#### EXERCISE GOAL
Every line between the top of the data below and the line with "rewrite Nat.add_0_r in", both ends included, must be retyped exactly.

#### DATASET EXTRACT

Lemma fix_diag_not_conv_free d v :
  ~ free (d + f) v -> ~ beta_eq v (lift d 0 (App Y (diag_fun f))).
Proof.
  intros Hv He.
  assert (Hc : forall c, beta_eq v (Var (c + d))).
  { intros c. apply (beta_eq_psubst (kill_f c) d) in He.
    rewrite psubst_id in He.
    2:{ intros n Hn. unfold kill_f. destruct (Nat.eqb_spec n f); auto. subst.
        rewrite Nat.add_comm in Hn. contradiction. }
    pose proof (psubst_lift (App Y (diag_fun f)) (kill_f c) d 0 0 (le_n 0)) as E.
    rewrite Nat.add_0_r in E. rewrite E in He.
    eapply rst_trans; [exact He |]. exact (beta_eq_lift d 0 _ _ (fix_diag_kill_f c)). }
  pose proof (beta_eq_var _ _ (rst_trans _ _ _ _ _ (rst_sym _ _ _ _ (Hc 0)) (Hc 1))).
  lia.
Qed.

Lemma fix_diag_twinned : twinned f 0 (App Y (diag_fun f)).
Proof.
  constructor.
  - apply twinned_not_free; simpl; auto.
  - constructor. apply twinned_f; [lia | apply rst_refl | constructor; lia | constructor; lia].
Qed.

Definition fix_unrolled : term :=
  App Y (Lam (App (App (Var (S f)) (lift 1 0 (App Y (diag_fun f)))) (Var 0))).

Lemma fix_nested_unfold :
  beta_eq (App Y (nested_fix Y f))
    (App Y (Lam (App (App (Var (S f)) (lift 1 0 (App Y (nested_fix Y f)))) (Var 0)))).
Proof.
  eapply rst_trans; [apply Y_fpc |]. unfold nested_fix at 1.
  eapply rst_trans; [apply beta_eq_redex |]. cbn [subst Nat.ltb Nat.leb Nat.eqb pred].
  rewrite (subst_lift Y _ 0 0 0), lift_0 by lia. apply rst_refl.
Qed.

Lemma fix_diag_conv_unrolled :
  beta_eq (App Y (diag_fun f)) (App Y (nested_fix Y f)) ->
  beta_eq (App Y (diag_fun f)) fix_unrolled.
Proof.
  intros Heq. eapply rst_trans; [exact Heq |]. eapply rst_trans; [exact fix_nested_unfold |].
  apply beta_eq_appr, beta_eq_lam, beta_eq_appl, beta_eq_appr, beta_eq_lift, rst_sym, Heq.
Qed.

Lemma fix_unrolled_expands :
  exists x, expands x f (App Y (diag_fun f)) 0 (App Y (Var x)) fix_unrolled.
Proof.
  destruct (exists_fresh Y) as [N HN]. exists (N + S f).
  constructor.
  - apply expands_refl; simpl; [apply HN; lia | auto].
  - apply expands_x; auto. apply rst_refl.
Qed.

Lemma fix_diag_not_conv_nested :
  ~ beta_eq (App Y (diag_fun f)) (App Y (nested_fix Y f)).
Proof.
  intros Heq.
  destruct (church_rosser _ _ (fix_diag_conv_unrolled Heq)) as [P [HAP HCP]].
  destruct fix_unrolled_expands as [x Hx].
  destruct (expands_red _ _ _ _ _ _ _ HCP Hx) as [Q HQ].
  assert (HfP : ~ free (0 + f) P).
  { apply (expands_twinned_not_free x f _ fix_diag_not_conv_free 0 Q); auto.
    exact (twinned_red f 0 _ _ HAP fix_diag_twinned). }
  apply (fix_diag_not_conv_free 0 P HfP).
  rewrite lift_0. apply rst_sym, red_beta_eq, HAP.
Qed.

End FixDiag.

Theorem proposition5p6 :
  ~ exists (Y : term) (f : nat),
      fpc Y /\ ~ free f Y /\
      beta_eq (App Y (diag_fun f)) (App Y (nested_fix Y f)).
Proof.
  intros [Y [f [HY [Hf Heq]]]].
  exact (fix_diag_not_conv_nested Y f (fpc_spec Y HY) Hf Heq).
Qed.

#### ANSWER TO THIS EXERCISE
Lemma fix_diag_not_conv_free d v :
  ~ free (d + f) v -> ~ beta_eq v (lift d 0 (App Y (diag_fun f))).
Proof.
  intros Hv He.
  assert (Hc : forall c, beta_eq v (Var (c + d))).
  { intros c. apply (beta_eq_psubst (kill_f c) d) in He.
    rewrite psubst_id in He.
    2:{ intros n Hn. unfold kill_f. destruct (Nat.eqb_spec n f); auto. subst.
        rewrite Nat.add_comm in Hn. contradiction. }
    pose proof (psubst_lift (App Y (diag_fun f)) (kill_f c) d 0 0 (le_n 0)) as E.
    rewrite Nat.add_0_r in E. rewrite E in He.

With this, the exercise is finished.